Alors que son avenir demeurait
incertain malgré la belle saison du RC Lens, Pierre Sage, le coach
des Sang et Or, a tranché formellement ce dimanche.
Le RC Lens a réalisé l’une des plus belles saisons de son
histoire, vice-champion de France à six longueurs seulement de
l’ogre PSG et lauréat ce
vendredi de sa toute première Coupe de France, aux
dépens de l’OGC Nice en finale (3-1). Un exercice abouti qui doit
beaucoup à l’entraîneur des Sang et Or Pierre Sage.
S’il est sous contrat jusqu’en juin 2028, l’ancien technicien
lyonnais a tout de même laissé planer le doute ces jours-ci quant à
son avenir. « Il se passe des choses, confiait-il à
L’Equipe cette semaine. Il n’y a pas de raison que ça évolue,
après je vous avoue qu’il y a beaucoup de contacts… »
L’intéressé fraîchement désigné meilleur coach de Ligue 1 lors des
trophées UNFP ne manquant pas de courtisans il est vrai.
Naturellement, après une telle saison, Pierre Sage ne serait pas
contre une revalorisation salariale, lui qui émarge à 100 000 euros
brut mensuels environ. Mais le président-propriétaire du RC Lens
Joseph Oughourlian a déjà annoncé la couleur sur ce point: «
Pierre, comme n’importe quel joueur de Lens, est aujourd’hui
très convoité. Et ces gens savent qu’on ne fera pas de folies et
qu’on ne se mettra pas à payer des salaires qui ne correspondent
pas à ce qu’on s’est fixé au niveau du club. »

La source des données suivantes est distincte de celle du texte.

(* Let $p$ be a prime, $G$ and $H$ finite $p$-groups, and for $\Gamma\in\{G,H\}$ let $N_\Gamma$ be a subgroup of $\Gamma$ containing $\Gamma'$. Let $k$ be a field of characteristic $p$ and $\phi:kG\to kH$ a ring isomorphism with $\phi(I(N_G)kG)=I(N_H)kH$. Then for every positive integer $t$, $\phi\big(I(\Omega_t(G:N_G))kG\big)=I(\Omega_t(H:N_H))kH$.
   Context: For a subgroup $N$ of $\Gamma$, $I(N)$ is the augmentation ideal of $kN$ and $I(N)k\Gamma$ the relative augmentation ideal. For a normal subgroup $N$ of $\Gamma$, $\Omega_t(\Gamma:N)=\langle g\in\Gamma: g^{p^t}\in N\rangle$, i.e.\ the subgroup containing $N$ with $\Omega_t(\Gamma:N)/N=\Omega_t(\Gamma/N)$. *)

From HB Require Import structures.
From mathcomp Require Import all_boot all_order all_algebra all_fingroup.
From mathcomp Require Import pgroup commutator.
Set Implicit Arguments. Unset Strict Implicit. Unset Printing Implicit Defensive.
Import GRing.Theory.
Local Open Scope ring_scope.

(* Group algebra kG of the finite group G = [set: gT] over a ring k,
   realized as functions gT -> k (coefficients of the group elements). *)
Notation galg k gT := {ffun gT -> k}.

Section GroupAlgebra.
Variables (k : comNzRingType) (gT : finGroupType).

Definition gbasis (g : gT) : galg k gT := [ffun x => (x == g)%:R].

Definition gmul (a b : galg k gT) : galg k gT :=
  [ffun x => \sum_(y : gT) a y * b ((y^-1 * x)%g)].

Definition gone : galg k gT := gbasis 1%g.

(* augmentation ideal I(N) of kN, viewed inside kG: elements supported on N
   with augmentation (sum of coefficients) 0 *)
Definition in_aug_ideal (N : {set gT}) (a : galg k gT) : Prop :=
  (forall x, x \notin N -> a x = 0) /\ \sum_(x : gT) a x = 0.

(* relative augmentation ideal I(N)kG : finite sums of products a*b with
   a in I(N) and b in kG *)
Definition in_rel_aug (N : {set gT}) (f : galg k gT) : Prop :=
  exists s : seq (galg k gT * galg k gT),
    (forall ab, ab \in s -> in_aug_ideal N ab.1) /\
    f = \sum_(ab <- s) gmul ab.1 ab.2.

End GroupAlgebra.

Definition galg_ring_iso (k : comNzRingType) (gT hT : finGroupType)
    (phi : galg k gT -> galg k hT) : Prop :=
  [/\ bijective phi,
      forall a b, phi (a + b) = phi a + phi b,
      forall a b, phi (gmul a b) = gmul (phi a) (phi b) &
      phi (gone k gT) = gone k hT].

(* phi(A) = B for subsets given as predicates *)
Definition maps_onto (A B : Type) (phi : A -> B) (P : A -> Prop) (Q : B -> Prop)
  : Prop :=
  (forall a, P a -> Q (phi a)) /\ (forall b, Q b -> exists2 a, P a & phi a = b).

(* Omega_t(Gamma : N) = < g in Gamma : g^(p^t) in N > *)
Definition Omega_rel (gT : finGroupType) (p t : nat) (N : {set gT}) : {group gT} :=
  <<[set g : gT | (g ^+ (p ^ t))%g \in N]>>%G.

(** An element of kΓ lies in I(M)kΓ iff its coefficients sum to zero on every
   coset of M.  When Γ' ≤ N, the map kΓ → k[Γ/N] is a ring map with kernel
   I(N)kΓ onto a commutative ring of characteristic p, where the p^t-th power
   is additive: the coefficient of f^(p^t) at c ∈ Γ/N is the p^t-th power of
   the sum of f over {x | (xN)^(p^t) = c}.  These sets are the cosets of
   Ω_t(Γ:N) and k has no nilpotents, so f ∈ I(Ω_t(Γ:N))kΓ iff
   f^(p^t) ∈ I(N)kΓ.  A ring isomorphism preserves p^t-th powers, hence
   carries the one condition to the other. *)

From HB Require Import structures.
From mathcomp Require Import all_boot all_order all_algebra all_fingroup.
From mathcomp Require Import pgroup commutator.
Set Implicit Arguments. Unset Strict Implicit. Unset Printing Implicit Defensive.
Import GRing.Theory.
Local Open Scope ring_scope.

Section GroupRing.
Variables (k : comNzRingType) (gT : finGroupType).

Lemma sum_mul_delta (F : gT -> k) u : \sum_z F z * (z == u)%:R = F u.
Proof.
rewrite (bigD1 u) //= eqxx mulr1 big1 ?addr0 // => z /negPf ->.
by rewrite mulr0.
Qed.

Lemma gmul_gbasisr (a : galg k gT) v :
  gmul a (gbasis k v) = [ffun z => a (z * v^-1)%g].
Proof.
apply/ffunP=> z; rewrite !ffunE -(sum_mul_delta a (z * v^-1)%g).
apply: eq_bigr => y _; rewrite ffunE.
have -> : (y^-1 * z == v)%g = (y == z * v^-1)%g.
  by apply/eqP/eqP => [<- | ->]; rewrite invMg invgK ?mulKVg ?mulgKV.
by [].
Qed.

Lemma gmulA : associative (@gmul k gT).
Proof.
move=> a b c; apply/ffunP=> x; rewrite !ffunE.
under [RHS]eq_bigr do rewrite ffunE mulr_suml.
rewrite exchange_big /=; apply: eq_bigr => y _.
rewrite ffunE mulr_sumr [RHS](reindex_inj (mulgI y)) /=; apply: eq_bigr => z _.
by rewrite mulKg mulrA invMg mulgA.
Qed.

Lemma gmul1 : left_id (gone k gT) (@gmul k gT).
Proof.
move=> b; apply/ffunP=> x; rewrite ffunE (bigD1 1%g) //= big1 ?addr0.
  by rewrite ffunE eqxx mul1r invg1 mul1g.
by move=> y /negPf; rewrite ffunE => ->; rewrite mul0r.
Qed.

Lemma gmulr1 : right_id (gone k gT) (@gmul k gT).
Proof.
by move=> a; rewrite gmul_gbasisr; apply/ffunP=> x; rewrite ffunE invg1 mulg1.
Qed.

Non à l’OM, oui à Liverpool
Pour autant, la volonté artésienne est bel et bien de poursuivre
le projet actuel, avec Pierre Sage aux manettes. Un désir partagé
et confirmé ce dimanche sur le plateau de l’émission Téléfoot.
Questionné sur sa présence sur le banc lensois à l’amorce du
prochain championnat, le stratège de 47 ans a répondu par
l’affirmative, balayant d’un revers de main toute approche
éventuelle d’un concurrent comme l’OM.
Pierre Sage a par ailleurs acquiescé quant à l’aboutissement que
peut représenter pour lui l’écoute de l’hymne de la Ligue des
champions au stade Bollaert, l’antre des Sang et Or. Et d’avouer
tout de même rêver à un grand club en particulier: « Liverpool
bien sûr… » Mais pas dans l’immédiat.